Do you have any ILC now? If yes, what's the model/brand?
Do you already have lens collection? If yes, what are they? And would like to stick with the same lens family?
Are you open to mirrorless or want to stick with DSLR?
Is this budget just for body or for all the things like lens, accessories and all?
And more which you think would be helpful for us...


----------



## The Incinerator (Dec 14, 2015)

Mehul Chauhan said:


> Please suggest me dslr with both photo and video preferences.

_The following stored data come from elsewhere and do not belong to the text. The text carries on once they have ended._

(* Let $M=\neg A_1\lor\dots\lor\neg A_n\lor D$ be a flat clause ($D$ positive), and for $i=1,\dots,n$ let $C_i=B_i\lor D_i$ be loosely guarded clauses with $B_i$ a positive literal, such that $M,C_1,\dots,C_n$ are pairwise variable-disjoint and, for each $i$, either $C_i$ is ground or $B_i$ contains a compound term. Let $\sigma'$ be a simultaneous most general unifier with $B_i\sigma'=A_i\sigma'$ for all $1\le i\le n$, and call a variable $x$ of $\neg A_1\lor\dots\lor\neg A_n$ a top variable if $\mathrm{Dep}(x\sigma')\ge\mathrm{Dep}(y\sigma')$ for every variable $y$ of $\neg A_1\lor\dots\lor\neg A_n$. Then: (1) For every $i$ such that $A_i$ contains a top variable, every top variable occurring in $A_i$ at argument position $k$ is matched by a constant or a compound term at position $k$ of $B_i$, and every non-top variable occurring in $A_i$ at position $k$ is matched by a constant or a variable at position $k$ of $B_i$. (2) If some top variable occurring in some $A_i$ is matched by a constant in $B_i$, then every variable of $\neg A_1\lor\dots\lor\neg A_n$ is a top variable and $\sigma'$ maps each such variable to a constant.
   Context: A compound term is a term that is neither a variable nor a constant; $\mathrm{Var}(E)$ is the set of variables of $E$. Term depth: $\mathrm{Dep}(t)=0$ if $t$ is a variable or constant, and $\mathrm{Dep}(f(u_1,\dots,u_n))=1+\max_i\mathrm{Dep}(u_i)$. A literal is flat if every argument is a variable or constant; simple if every argument is a variable, a constant, or $f(u_1,\dots,u_n)$ with each $u_i$ a variable or constant; a clause is flat/simple if all its literals are. A clause $C$ is covering if every compound term $t$ in $C$ satisfies $\mathrm{Var}(t)=\mathrm{Var}(C)$. A loosely guarded clause is an equality-free, simple, covering clause $C$ that is either ground or contains a set $\mathcal G$ of negative flat literals with $\mathrm{Var}(\mathcal G)=\mathrm{Var}(C)$ such that every pair of variables of $C$ co-occurs in some literal of $\mathcal G$ (guarded clauses are special cases). For literals $A(s_1,\dots,s_k)$ and $B(r_1,\dots,r_k)$ being unified, the term $s_j$ is said to be matched by $r_j$. *)

From Stdlib Require Import List Arith.
Import ListNotations.

Inductive term : Type :=
| Var : nat -> term
| Fn  : nat -> list term -> term.

Definition is_var (t : term) : Prop := exists x, t = Var x.
Definition is_const (t : term) : Prop := exists c, t = Fn c [].
Definition is_compound (t : term) : Prop := ~ is_var t /\ ~ is_const t.

Fixpoint depth (t : term) : nat :=
  match t with
  | Var _ => 0
  | Fn _ [] => 0
  | Fn _ l => S (fold_right Nat.max 0 (map depth l))
  end.

Inductive subterm (u : term) : term -> Prop :=
| subterm_refl : subterm u u
| subterm_arg : forall f l a, In a l -> subterm u a -> subterm u (Fn f l).

Definition occurs (x : nat) (t : term) : Prop := subterm (Var x) t.

(* Atoms: predicate symbol with argument list. Literals: sign (true = positive)
   and an atom.  The language has no equality predicate, so every clause is
   equality-free. *)
Record atom : Type := mkAtom { pred_sym : nat; args : list term }.
Definition literal : Type := (bool * atom)%type.
Definition clause : Type := list literal.

Definition occurs_atom (x : nat) (A : atom) : Prop :=
  exists t, In t (args A) /\ occurs x t.
Definition occurs_lit (x : nat) (L : literal) : Prop := occurs_atom x (snd L).
Definition occurs_clause (x : nat) (C : clause) : Prop :=
  exists L, In L C /\ occurs_lit x L.

Definition term_in_clause (t : term) (C : clause) : Prop :=
  exists L u, In L C /\ In u (args (snd L)) /\ subterm t u.

Definition ground_clause (C : clause) : Prop := forall x, ~ occurs_clause x C.

Definition flat_atom (A : atom) : Prop :=
  forall t, In t (args A) -> is_var t \/ is_const t.
Definition flat_lit (L : literal) : Prop := flat_atom (snd L).
Definition flat_clause (C : clause) : Prop := forall L, In L C -> flat_lit L.

Definition simple_term (t : term) : Prop :=
  is_var t \/ is_const t \/
  exists f l, t = Fn f l /\ forall u, In u l -> is_var u \/ is_const u.
Definition simple_lit (L : literal) : Prop :=
  forall t, In t (args (snd L)) -> simple_term t.
Definition simple_clause (C : clause) : Prop := forall L, In L C -> simple_lit L.

Definition covering (C : clause) : Prop :=
  forall t, term_in_clause t C -> is_compound t ->
    forall x, occurs x t <-> occurs_clause x C.

Definition negative_lit (L : literal) : Prop := fst L = false.
Definition positive_lit (L : literal) : Prop := fst L = true.

Definition loosely_guarded (C : clause) : Prop :=
  simple_clause C /\ covering C /\
  (ground_clause C \/
   exists G : list literal,
     (forall L, In L G -> In L C /\ negative_lit L /\ flat_lit L) /\
     (forall x, occurs_clause x G <-> occurs_clause x C) /\
     (forall x y, occurs_clause x C -> occurs_clause y C ->
        exists L, In L G /\ occurs_lit x L /\ occurs_lit y L)).

Definition subst : Type := nat -> term.

Fixpoint subst_term (s : subst) (t : term) : term :=
  match t with
  | Var x => s x
  | Fn f l => Fn f (map (subst_term s) l)
  end.

Definition subst_atom (s : subst) (A : atom) : atom :=
  mkAtom (pred_sym A) (map (subst_term s) (args A)).

Definition sim_unifier (s : subst) (Bs As : list atom) : Prop :=
  length Bs = length As /\
  forall i B A, nth_error Bs i = Some B -> nth_error As i = Some A ->
    subst_atom s B = subst_atom s A.

Definition sim_mgu (s : subst) (Bs As : list atom) : Prop :=
  sim_unifier s Bs As /\
  forall th, sim_unifier th Bs As ->
    exists tau : subst, forall x, th x = subst_term tau (s x).

Definition neg_part (As : list atom) : clause := map (fun A => (false, A)) As.
Definition pos_part (D : list atom) : clause := map (fun A => (true, A)) D.

Definition var_of_negs (As : list atom) (x : nat) : Prop :=
  occurs_clause x (neg_part As).

Definition top_var (s : subst) (As : list atom) (x : nat) : Prop :=
  var_of_negs As x /\
  forall y, var_of_negs As y -> depth (s y) <= depth (s x).

Definition var_disjoint (C C' : clause) : Prop :=
  forall x, occurs_clause x C -> occurs_clause x C' -> False.

Definition pairwise_var_disjoint (Cs : list clause) : Prop :=
  forall i j Ci Cj, i <> j -> nth_error Cs i = Some Ci -> nth_error Cs j = Some Cj ->
    var_disjoint Ci Cj.

(* some argument of the atom is compound (equivalently, it contains a compound subterm) *)
Definition has_compound (A : atom) : Prop :=
  exists t, In t (args A) /\ is_compound t.

From Stdlib Require Import List Arith Lia.
Import ListNotations.

(* Since M is flat, each argument of B_i is unified with a variable or a
   constant of A_i.  In a loosely guarded clause every variable occurs in every
   compound term and compound terms are simple, so under any substitution a
   compound argument is at least as deep as every argument of the clause, and
   strictly deeper than a variable.  Hence a variable of A_i opposite a compound
   argument is at least as deep as the top variable of A_i, so it is top itself;
   and a top variable opposite a variable would be strictly deeper than itself
   unless B_i has no compound argument, i.e. unless C_i is ground, which the
   variable forbids.  If a top variable is mapped to a constant, all variables
   have depth 0, so no B_j can have a compound argument: every C_j is ground and
   its arguments opposite variables are constants. *)

Lemma depth_Fn_cons f a l : depth (Fn f (a :: l)) = S (list_max (map depth (a :: l))).
Proof. reflexivity. Qed.

Lemma depth_arg_lt f l a : In a l -> depth a < depth (Fn f l).
Proof.
  intros Ha. destruct l as [|b l]; [contradiction|].
  rewrite depth_Fn_cons. apply Nat.lt_succ_r.
  assert (Hmax : Forall (fun k => k <= list_max (map depth (b :: l))) (map depth (b :: l)))
    by (apply list_max_le; lia).
  rewrite Forall_forall in Hmax. apply Hmax, in_map, Ha.
Qed.

Lemma depth_Fn_le f l n : (forall a, In a l -> depth a < n) -> depth (Fn f l) <= n.
Proof.
  intros Hl. destruct l as [|b l]; [simpl; lia|].
  rewrite depth_Fn_cons. apply Nat.le_succ_l, list_max_lt; [discriminate|].
  apply Forall_forall. intros k Hk. apply in_map_iff in Hk as (a & <- & Ha). auto.
Qed.

Lemma is_compound_Fn_cons f a l : is_compound (Fn f (a :: l)).
Proof. split; intros [c Hc]; discriminate. Qed.

Lemma is_compound_inv t : is_compound t -> exists f a l, t = Fn f (a :: l).
Proof.
  destruct t as [v|f [|a l]]; intros [Hv Hc]; eauto.
  - exfalso; apply Hv; eexists; reflexivity.
  - exfalso; apply Hc; eexists; reflexivity.
Qed.

Lemma term_trichotomy t : is_var t \/ is_const t \/ is_compound t.
Proof.
  destruct t as [v|f [|a l]]; unfold is_var, is_const; eauto.
  right; right; apply is_compound_Fn_cons.
Qed.

Lemma occurs_flat_term x t : is_var t \/ is_const t -> occurs x t -> t = Var x.
Proof. intros [[v ->]|[c ->]] Hx; inversion Hx; subst; easy. Qed.

Lemma depth_subst_subterm s u t :
  subterm u t -> depth (subst_term s u) <= depth (subst_term s t).
Proof.
  induction 1 as [|f l a Ha _ IH]; [lia|].
  pose proof (depth_arg_lt f _ _ (in_map (subst_term s) _ _ Ha)). cbn [subst_term]. lia.
Qed.

Lemma depth_subst_occurs_lt s y t :
  occurs y t -> t <> Var y -> depth (s y) < depth (subst_term s t).
Proof.
  intros Hy Ht. destruct Hy as [|f l a Ha Hsub]; [congruence|].
  pose proof (depth_subst_subterm s _ _ Hsub).
  pose proof (depth_arg_lt f _ _ (in_map (subst_term s) _ _ Ha)). cbn [subst_term] in *. lia.
Qed.

Lemma depth_subst_compound_pos s t : is_compound t -> 0 < depth (subst_term s t).
Proof. intros Ht. destruct (is_compound_inv t Ht) as (f & a & l & ->). simpl. lia. Qed.

Lemma depth_subst_simple_le s p q :
  simple_term p -> is_compound q -> (forall v, occurs v p -> occurs v q) ->
  depth (subst_term s p) <= depth (subst_term s q).
Proof.
  intros Hp Hq Hpq.
  assert (Hvar : forall v, occurs v p -> depth (s v) < depth (subst_term s q)).
  { intros v Hv. apply depth_subst_occurs_lt; [auto|].
    intros ->. apply (proj1 Hq). eexists; reflexivity. }
  destruct Hp as [[v ->]|[[c ->]|(f & l & -> & Hl)]].
  - apply Nat.lt_le_incl, Hvar, subterm_refl.
  - simpl; lia.
  - cbn [subst_term]. apply depth_Fn_le. intros b Hb.
    apply in_map_iff in Hb as (u & <- & Hu).
    destruct (Hl u Hu) as [[v ->]|[c ->]].
    + apply Hvar. eapply subterm_arg; [exact Hu|apply subterm_refl].
    + apply depth_subst_compound_pos, Hq.
Qed.

Section LooselyGuardedDepth.

Variables (s : subst) (C : clause) (L L' : literal) (r : term).
Hypotheses (HC : loosely_guarded C) (HL : In L C) (HL' : In L' C)
  (Hr : In r (args (snd L))) (Hrc : is_compound r).

Lemma loosely_guarded_occurs_compound q v :
  In q (args (snd L')) -> occurs v q -> occurs v r.
Proof.
  intros Hq Hv. destruct HC as (_ & Hcov & _).
  apply (Hcov r); [exists L, r; auto using subterm_refl|exact Hrc|].
  exists L'. split; [exact HL'|]. exists q; auto.
Qed.

Lemma depth_subst_var_lt_compound w :
  In (Var w) (args (snd L')) -> depth (s w) < depth (subst_term s r).
Proof.
  intros Hw. apply depth_subst_occurs_lt.
  - apply (loosely_guarded_occurs_compound (Var w)); [exact Hw|apply subterm_refl].
  - intros ->. apply (proj1 Hrc). eexists; reflexivity.
Qed.

Lemma depth_subst_arg_le_compound q :
  In q (args (snd L')) -> depth (subst_term s q) <= depth (subst_term s r).
Proof.
  intros Hq. destruct HC as (Hsimple & _).
  apply depth_subst_simple_le; [exact (Hsimple L' HL' q Hq)|exact Hrc|].
  intros v. apply loosely_guarded_occurs_compound, Hq.
Qed.

End LooselyGuardedDepth.

Lemma ground_clause_arg_not_var C L y : ground_clause C -> In L C -> ~ In (Var y) (args (snd L)).
Proof.
  intros HC HL Hy. apply (HC y). exists L. split; [exact HL|].
  exists (Var y). split; [exact Hy|apply subterm_refl].
Qed.

Lemma subst_atom_eq_nth s A B k a :
  subst_atom s A = subst_atom s B -> nth_error (args A) k = Some a ->
  exists b, nth_error (args B) k = Some b /\ subst_term s b = subst_term s a.
Proof.
  intros E Ha. apply (f_equal (fun A => nth_error (args A) k)) in E. simpl in E.
  rewrite !nth_error_map, Ha in E. destruct (nth_error (args B) k) as [b|]; inversion E; eauto.
Qed.

Lemma flat_atom_matches_compound s A B t :
  flat_atom A -> subst_atom s B = subst_atom s A -> In t (args B) -> is_compound t ->
  exists z, In (Var z) (args A) /\ subst_term s t = s z.
Proof.
  intros HA E Ht Htc. destruct (In_nth_error _ _ Ht) as [k Hk].
  destruct (subst_atom_eq_nth _ _ _ _ _ E Hk) as (a & Ha & Ea).
  apply nth_error_In in Ha. destruct (HA a Ha) as [[z ->]|[c ->]]; [eauto|].
  destruct (is_compound_inv t Htc) as (f & b & l & ->). discriminate.
Qed.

Its the Lens that matters in a wedding. Get the Canon 760D/750D and a good lens aka 24-105 F4L IS USM. But since that lens itself costs Rs 38K (Grey Market) youll  have to invest a bit more. Its more about the lens than the body.

Canon EF 24 105mm F 4â–ºL Series IS USM Lens Brand NEWâ–º2YEARS Canon India Warranty | eBay
*paytm.com/shop/p/canon-ef-24-105-m...zOXvhGVL1C3fu188W4gzQMdwo9zsSGr1iYaApCH8P8HAQ


----------



## Siddhartht (Dec 14, 2015)

Conventions be damned. Or well maybe not. 
I would recommend Sony ILC-6000, not a DSLR, but a capable mirrorless nevertheless. And I doubt any DSLR under 70K can provide you videos as good as A6000(and same goes for images, both Nikon D7200 and A6000 share same sensor). 
Now there is problem of price, the body itself is around 38K-40K and as stated above, you need a good enough lens for shooting. For APS-C E mount, I think SEL18200(18-200, 3.5-6.3) is the best bet, since it can cover a wide focal length...just it is little bit pricey, with shop price around 43K to 45K.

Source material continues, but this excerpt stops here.